# [YOUR OBJECTIVE]
Which lines of the data contain the string "cptS"? Copy every one of them.

DATA PROVIDED section start

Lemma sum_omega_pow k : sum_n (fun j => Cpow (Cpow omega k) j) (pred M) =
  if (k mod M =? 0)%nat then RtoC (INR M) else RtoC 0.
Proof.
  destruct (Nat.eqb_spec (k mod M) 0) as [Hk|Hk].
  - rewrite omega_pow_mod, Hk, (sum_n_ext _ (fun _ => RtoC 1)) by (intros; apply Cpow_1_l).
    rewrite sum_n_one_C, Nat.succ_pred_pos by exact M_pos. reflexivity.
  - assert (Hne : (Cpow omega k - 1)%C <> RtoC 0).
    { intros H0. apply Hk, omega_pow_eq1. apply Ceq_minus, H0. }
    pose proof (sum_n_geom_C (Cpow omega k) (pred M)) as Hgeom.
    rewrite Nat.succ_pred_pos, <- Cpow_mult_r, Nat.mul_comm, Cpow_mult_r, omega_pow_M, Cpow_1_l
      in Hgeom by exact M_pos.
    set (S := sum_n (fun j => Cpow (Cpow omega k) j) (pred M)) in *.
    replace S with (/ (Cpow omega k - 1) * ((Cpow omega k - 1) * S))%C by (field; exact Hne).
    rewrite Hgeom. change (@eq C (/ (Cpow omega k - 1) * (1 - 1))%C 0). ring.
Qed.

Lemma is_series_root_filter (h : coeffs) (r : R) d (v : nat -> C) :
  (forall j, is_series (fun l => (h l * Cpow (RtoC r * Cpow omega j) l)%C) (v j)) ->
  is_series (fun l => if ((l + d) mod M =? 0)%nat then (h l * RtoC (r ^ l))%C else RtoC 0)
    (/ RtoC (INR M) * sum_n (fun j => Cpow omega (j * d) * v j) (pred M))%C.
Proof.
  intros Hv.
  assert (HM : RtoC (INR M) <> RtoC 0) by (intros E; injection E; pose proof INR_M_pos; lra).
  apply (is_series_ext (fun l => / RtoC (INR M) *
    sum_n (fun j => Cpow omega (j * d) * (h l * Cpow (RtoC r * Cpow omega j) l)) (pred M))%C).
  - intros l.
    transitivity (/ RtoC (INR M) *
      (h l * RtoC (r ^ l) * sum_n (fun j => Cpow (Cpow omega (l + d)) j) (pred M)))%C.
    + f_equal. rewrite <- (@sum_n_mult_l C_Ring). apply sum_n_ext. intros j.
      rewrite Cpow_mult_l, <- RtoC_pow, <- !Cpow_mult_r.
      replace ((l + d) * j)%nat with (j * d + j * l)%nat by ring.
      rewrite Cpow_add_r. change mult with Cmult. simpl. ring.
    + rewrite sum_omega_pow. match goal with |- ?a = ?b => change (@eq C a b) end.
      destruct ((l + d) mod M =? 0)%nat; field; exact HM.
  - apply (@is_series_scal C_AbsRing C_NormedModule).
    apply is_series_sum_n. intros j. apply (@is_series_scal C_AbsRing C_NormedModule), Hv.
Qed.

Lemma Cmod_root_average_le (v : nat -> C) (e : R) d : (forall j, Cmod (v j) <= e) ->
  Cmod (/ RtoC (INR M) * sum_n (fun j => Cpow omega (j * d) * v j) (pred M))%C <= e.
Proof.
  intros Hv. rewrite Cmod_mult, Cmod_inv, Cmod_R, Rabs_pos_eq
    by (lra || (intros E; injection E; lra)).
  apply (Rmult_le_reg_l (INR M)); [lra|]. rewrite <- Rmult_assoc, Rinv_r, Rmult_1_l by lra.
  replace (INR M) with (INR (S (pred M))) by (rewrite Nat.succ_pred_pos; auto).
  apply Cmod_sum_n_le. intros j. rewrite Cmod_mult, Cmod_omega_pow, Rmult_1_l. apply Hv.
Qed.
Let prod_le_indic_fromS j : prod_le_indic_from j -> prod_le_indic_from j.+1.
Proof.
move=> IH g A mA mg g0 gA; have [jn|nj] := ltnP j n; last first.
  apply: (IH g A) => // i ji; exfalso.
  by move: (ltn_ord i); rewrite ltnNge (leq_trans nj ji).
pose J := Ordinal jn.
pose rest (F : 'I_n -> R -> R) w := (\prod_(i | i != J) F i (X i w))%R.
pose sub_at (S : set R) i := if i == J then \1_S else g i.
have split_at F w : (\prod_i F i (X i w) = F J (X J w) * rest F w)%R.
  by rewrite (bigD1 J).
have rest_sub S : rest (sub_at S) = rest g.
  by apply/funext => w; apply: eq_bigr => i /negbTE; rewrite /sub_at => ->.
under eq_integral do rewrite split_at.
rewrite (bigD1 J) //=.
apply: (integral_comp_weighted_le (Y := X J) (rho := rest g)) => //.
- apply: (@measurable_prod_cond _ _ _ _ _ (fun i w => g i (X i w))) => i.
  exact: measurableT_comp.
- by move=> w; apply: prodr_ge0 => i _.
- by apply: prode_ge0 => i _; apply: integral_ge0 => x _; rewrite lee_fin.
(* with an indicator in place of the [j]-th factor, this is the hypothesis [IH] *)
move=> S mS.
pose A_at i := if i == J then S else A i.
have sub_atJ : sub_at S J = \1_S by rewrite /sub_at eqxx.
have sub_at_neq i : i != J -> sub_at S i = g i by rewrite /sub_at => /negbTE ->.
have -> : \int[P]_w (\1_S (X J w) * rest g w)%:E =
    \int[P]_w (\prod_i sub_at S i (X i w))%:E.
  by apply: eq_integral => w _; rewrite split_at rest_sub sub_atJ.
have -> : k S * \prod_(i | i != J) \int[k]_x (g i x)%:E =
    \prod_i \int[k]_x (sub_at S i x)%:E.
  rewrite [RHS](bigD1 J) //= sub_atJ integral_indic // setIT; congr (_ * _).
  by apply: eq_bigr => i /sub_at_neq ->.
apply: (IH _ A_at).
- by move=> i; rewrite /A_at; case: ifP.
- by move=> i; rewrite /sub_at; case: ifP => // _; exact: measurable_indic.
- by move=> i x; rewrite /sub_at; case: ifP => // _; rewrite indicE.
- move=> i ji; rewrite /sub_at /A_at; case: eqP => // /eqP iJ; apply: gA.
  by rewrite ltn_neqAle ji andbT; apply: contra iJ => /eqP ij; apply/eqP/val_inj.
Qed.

DATA PROVIDED section end
DATA PROVIDED section start

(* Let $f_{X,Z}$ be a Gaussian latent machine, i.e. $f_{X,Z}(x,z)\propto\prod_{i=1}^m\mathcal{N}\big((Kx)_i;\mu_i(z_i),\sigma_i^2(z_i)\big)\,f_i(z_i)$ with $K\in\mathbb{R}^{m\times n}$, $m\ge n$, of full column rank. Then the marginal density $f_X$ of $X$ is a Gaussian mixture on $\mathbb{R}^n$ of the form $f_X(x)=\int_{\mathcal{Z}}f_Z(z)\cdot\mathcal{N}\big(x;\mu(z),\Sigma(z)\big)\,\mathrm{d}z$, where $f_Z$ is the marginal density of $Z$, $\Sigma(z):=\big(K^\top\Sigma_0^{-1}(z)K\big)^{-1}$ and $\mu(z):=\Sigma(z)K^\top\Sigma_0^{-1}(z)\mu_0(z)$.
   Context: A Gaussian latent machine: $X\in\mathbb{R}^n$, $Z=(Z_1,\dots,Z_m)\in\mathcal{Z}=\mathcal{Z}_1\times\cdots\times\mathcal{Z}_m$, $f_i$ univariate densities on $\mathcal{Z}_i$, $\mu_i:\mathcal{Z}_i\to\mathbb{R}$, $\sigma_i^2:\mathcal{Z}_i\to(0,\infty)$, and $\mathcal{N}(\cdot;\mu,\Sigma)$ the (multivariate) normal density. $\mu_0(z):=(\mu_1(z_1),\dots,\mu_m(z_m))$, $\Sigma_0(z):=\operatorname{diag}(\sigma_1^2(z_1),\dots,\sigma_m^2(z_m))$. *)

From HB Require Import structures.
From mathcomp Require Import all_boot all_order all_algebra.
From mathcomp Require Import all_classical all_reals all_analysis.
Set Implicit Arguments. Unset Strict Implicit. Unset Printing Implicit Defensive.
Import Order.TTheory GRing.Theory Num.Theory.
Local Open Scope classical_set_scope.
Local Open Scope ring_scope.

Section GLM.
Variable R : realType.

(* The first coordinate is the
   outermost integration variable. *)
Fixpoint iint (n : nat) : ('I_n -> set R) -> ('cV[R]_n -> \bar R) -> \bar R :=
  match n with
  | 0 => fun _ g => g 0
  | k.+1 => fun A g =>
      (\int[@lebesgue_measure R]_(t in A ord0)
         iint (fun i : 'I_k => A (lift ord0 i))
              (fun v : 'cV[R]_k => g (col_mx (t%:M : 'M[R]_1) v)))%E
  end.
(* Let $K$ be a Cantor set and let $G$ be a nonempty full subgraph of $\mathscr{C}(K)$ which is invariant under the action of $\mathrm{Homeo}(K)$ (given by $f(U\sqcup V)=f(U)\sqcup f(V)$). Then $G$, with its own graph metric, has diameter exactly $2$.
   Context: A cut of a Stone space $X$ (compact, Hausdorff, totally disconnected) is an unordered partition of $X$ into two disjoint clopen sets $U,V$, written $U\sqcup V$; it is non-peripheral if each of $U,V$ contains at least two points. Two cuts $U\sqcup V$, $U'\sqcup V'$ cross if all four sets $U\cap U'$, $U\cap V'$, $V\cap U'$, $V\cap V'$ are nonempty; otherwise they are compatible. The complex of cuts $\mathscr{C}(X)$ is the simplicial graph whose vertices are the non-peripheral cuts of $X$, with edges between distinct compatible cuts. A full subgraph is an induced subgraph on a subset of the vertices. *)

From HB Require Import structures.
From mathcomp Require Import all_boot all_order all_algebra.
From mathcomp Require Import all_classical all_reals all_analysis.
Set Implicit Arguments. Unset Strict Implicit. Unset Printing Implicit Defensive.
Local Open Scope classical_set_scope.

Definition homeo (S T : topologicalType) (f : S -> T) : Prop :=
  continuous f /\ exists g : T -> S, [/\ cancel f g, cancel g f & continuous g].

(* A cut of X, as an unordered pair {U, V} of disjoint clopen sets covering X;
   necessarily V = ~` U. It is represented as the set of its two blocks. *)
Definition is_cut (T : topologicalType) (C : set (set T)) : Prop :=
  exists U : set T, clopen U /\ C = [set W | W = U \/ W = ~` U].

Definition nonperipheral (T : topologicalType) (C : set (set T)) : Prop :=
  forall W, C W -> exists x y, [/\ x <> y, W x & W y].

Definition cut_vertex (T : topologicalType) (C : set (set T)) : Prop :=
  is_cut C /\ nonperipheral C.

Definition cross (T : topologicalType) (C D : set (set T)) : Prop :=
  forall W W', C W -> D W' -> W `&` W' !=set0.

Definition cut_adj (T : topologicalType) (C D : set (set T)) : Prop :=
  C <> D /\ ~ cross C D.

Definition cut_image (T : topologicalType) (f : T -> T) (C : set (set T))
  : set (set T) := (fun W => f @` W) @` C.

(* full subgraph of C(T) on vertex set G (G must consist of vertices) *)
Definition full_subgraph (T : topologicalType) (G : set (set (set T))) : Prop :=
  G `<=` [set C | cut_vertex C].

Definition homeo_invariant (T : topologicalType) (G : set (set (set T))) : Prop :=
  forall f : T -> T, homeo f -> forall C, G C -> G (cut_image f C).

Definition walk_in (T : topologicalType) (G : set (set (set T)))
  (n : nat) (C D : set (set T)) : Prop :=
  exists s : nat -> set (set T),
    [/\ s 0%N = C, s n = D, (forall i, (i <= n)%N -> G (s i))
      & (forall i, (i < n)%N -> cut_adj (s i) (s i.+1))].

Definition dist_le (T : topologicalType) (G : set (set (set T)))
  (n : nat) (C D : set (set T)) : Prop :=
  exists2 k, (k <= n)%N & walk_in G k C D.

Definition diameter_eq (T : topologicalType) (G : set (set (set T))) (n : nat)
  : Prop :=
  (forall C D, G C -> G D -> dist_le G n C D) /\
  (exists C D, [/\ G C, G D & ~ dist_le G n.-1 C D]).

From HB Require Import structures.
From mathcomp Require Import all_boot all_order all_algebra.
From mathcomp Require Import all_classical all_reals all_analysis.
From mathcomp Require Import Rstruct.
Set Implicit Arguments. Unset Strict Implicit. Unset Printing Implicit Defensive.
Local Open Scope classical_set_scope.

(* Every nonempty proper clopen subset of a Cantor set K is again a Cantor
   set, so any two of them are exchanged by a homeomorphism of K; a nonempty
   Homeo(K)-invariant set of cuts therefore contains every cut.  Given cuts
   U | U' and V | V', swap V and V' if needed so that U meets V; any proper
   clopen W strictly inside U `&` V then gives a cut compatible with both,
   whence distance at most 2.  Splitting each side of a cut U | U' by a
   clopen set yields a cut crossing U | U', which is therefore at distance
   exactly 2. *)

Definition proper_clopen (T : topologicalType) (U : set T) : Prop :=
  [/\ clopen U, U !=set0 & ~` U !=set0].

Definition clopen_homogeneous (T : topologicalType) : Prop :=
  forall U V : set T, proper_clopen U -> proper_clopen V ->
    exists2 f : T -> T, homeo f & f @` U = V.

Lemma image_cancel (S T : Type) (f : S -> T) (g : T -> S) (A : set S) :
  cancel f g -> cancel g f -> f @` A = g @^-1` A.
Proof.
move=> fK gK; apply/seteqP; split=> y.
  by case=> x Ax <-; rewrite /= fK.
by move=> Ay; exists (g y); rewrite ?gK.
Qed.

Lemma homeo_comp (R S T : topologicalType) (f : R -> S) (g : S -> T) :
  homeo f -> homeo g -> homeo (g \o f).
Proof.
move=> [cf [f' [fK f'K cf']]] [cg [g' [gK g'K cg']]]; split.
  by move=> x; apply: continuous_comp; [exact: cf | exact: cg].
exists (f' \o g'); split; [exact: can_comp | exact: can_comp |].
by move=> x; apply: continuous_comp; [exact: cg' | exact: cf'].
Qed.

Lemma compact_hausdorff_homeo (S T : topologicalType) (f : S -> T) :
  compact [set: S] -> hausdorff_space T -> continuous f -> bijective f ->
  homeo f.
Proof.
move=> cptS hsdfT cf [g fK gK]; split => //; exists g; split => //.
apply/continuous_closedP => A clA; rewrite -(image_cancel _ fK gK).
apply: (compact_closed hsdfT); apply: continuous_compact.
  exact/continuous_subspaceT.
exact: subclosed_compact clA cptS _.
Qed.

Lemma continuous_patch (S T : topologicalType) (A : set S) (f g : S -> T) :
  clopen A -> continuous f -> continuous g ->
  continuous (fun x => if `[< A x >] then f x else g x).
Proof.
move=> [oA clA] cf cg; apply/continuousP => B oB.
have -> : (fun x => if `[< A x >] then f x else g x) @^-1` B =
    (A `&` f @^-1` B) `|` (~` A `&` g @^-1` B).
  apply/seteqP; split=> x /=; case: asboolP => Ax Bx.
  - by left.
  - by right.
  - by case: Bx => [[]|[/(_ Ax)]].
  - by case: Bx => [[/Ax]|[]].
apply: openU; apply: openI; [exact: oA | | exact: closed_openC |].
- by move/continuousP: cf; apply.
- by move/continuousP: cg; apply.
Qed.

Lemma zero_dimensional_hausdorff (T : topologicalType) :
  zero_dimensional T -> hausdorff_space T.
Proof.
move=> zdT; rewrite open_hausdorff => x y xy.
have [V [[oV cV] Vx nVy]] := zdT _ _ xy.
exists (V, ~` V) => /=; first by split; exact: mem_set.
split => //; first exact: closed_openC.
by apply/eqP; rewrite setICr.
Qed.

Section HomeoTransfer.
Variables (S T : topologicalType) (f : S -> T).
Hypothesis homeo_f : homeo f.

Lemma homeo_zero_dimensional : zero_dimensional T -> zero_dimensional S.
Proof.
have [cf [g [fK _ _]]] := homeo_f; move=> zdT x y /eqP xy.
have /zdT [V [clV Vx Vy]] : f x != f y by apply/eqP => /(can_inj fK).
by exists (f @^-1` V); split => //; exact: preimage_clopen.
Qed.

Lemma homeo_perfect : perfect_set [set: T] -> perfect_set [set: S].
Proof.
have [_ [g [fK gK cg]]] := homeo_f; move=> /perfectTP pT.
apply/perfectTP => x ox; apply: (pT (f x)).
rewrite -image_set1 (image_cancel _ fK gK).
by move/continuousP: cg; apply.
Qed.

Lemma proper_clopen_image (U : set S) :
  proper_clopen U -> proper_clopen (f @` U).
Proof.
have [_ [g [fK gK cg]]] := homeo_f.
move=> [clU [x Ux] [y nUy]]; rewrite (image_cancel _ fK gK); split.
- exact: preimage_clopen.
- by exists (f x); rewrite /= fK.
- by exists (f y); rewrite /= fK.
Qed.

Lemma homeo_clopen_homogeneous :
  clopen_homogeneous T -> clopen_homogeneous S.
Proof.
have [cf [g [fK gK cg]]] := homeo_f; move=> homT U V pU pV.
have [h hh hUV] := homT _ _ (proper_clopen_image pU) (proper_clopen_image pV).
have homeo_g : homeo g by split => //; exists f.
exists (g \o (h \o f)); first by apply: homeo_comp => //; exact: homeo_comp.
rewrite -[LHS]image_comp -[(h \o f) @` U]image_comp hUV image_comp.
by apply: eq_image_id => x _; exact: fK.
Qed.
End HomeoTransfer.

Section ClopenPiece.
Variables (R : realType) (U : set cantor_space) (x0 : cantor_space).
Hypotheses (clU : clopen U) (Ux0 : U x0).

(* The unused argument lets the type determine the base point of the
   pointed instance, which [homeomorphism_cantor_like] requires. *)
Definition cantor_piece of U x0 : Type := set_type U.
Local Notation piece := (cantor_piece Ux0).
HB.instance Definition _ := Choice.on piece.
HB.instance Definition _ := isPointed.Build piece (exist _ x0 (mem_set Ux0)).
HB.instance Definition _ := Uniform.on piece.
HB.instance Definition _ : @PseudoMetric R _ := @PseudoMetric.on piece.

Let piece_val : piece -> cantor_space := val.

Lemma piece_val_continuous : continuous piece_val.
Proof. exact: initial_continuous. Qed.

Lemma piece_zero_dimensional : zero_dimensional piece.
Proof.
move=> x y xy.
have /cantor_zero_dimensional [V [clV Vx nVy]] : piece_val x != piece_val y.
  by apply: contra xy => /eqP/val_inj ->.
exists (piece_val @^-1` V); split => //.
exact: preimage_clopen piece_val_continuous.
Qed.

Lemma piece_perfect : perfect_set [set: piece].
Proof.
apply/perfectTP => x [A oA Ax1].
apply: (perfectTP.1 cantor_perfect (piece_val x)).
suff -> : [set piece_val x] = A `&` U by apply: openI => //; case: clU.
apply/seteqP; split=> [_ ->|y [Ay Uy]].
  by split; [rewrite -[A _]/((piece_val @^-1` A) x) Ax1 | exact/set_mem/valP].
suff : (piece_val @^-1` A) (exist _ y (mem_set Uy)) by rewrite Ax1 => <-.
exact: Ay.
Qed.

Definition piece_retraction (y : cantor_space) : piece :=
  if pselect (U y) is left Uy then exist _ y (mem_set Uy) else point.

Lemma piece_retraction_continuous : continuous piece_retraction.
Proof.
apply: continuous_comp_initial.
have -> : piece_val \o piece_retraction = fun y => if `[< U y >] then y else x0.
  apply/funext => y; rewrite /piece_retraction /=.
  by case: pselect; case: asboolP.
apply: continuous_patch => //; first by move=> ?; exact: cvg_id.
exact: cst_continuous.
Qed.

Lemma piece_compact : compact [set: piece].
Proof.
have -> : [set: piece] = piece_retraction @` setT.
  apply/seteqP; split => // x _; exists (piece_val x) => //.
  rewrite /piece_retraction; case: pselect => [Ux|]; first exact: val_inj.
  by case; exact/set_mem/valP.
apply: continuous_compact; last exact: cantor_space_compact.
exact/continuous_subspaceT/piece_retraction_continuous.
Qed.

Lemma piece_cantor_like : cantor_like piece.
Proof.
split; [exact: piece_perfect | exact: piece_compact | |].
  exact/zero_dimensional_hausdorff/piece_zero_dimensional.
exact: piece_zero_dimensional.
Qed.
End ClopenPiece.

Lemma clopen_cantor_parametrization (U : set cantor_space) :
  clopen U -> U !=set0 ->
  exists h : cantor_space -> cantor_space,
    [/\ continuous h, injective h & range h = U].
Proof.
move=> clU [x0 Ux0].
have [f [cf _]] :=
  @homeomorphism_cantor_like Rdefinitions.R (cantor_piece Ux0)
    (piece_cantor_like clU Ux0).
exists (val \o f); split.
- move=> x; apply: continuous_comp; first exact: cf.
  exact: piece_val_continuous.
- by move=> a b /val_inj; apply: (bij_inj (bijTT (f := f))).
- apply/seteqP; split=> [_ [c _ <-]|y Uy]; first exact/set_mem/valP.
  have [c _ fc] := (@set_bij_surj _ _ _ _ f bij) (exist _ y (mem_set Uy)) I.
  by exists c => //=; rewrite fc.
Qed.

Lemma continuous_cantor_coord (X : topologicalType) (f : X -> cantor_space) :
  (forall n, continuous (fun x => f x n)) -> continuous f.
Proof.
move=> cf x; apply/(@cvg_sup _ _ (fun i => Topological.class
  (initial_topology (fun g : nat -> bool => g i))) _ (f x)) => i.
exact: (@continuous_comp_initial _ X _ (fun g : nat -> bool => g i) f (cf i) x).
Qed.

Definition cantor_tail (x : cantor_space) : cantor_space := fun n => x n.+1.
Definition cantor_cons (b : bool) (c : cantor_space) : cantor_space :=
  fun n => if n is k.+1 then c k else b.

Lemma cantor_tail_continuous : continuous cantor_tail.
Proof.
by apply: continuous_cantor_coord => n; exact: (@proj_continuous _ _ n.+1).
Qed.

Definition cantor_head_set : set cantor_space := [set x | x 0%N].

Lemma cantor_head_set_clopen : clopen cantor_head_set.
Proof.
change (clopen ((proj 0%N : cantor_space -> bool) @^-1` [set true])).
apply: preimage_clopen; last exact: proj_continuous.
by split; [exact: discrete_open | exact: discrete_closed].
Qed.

DATA PROVIDED section end

# [COMPLETED EXERCISE]
move=> cptS hsdfT cf [g fK gK]; split => //; exists g; split => //.
exact: subclosed_compact clA cptS _.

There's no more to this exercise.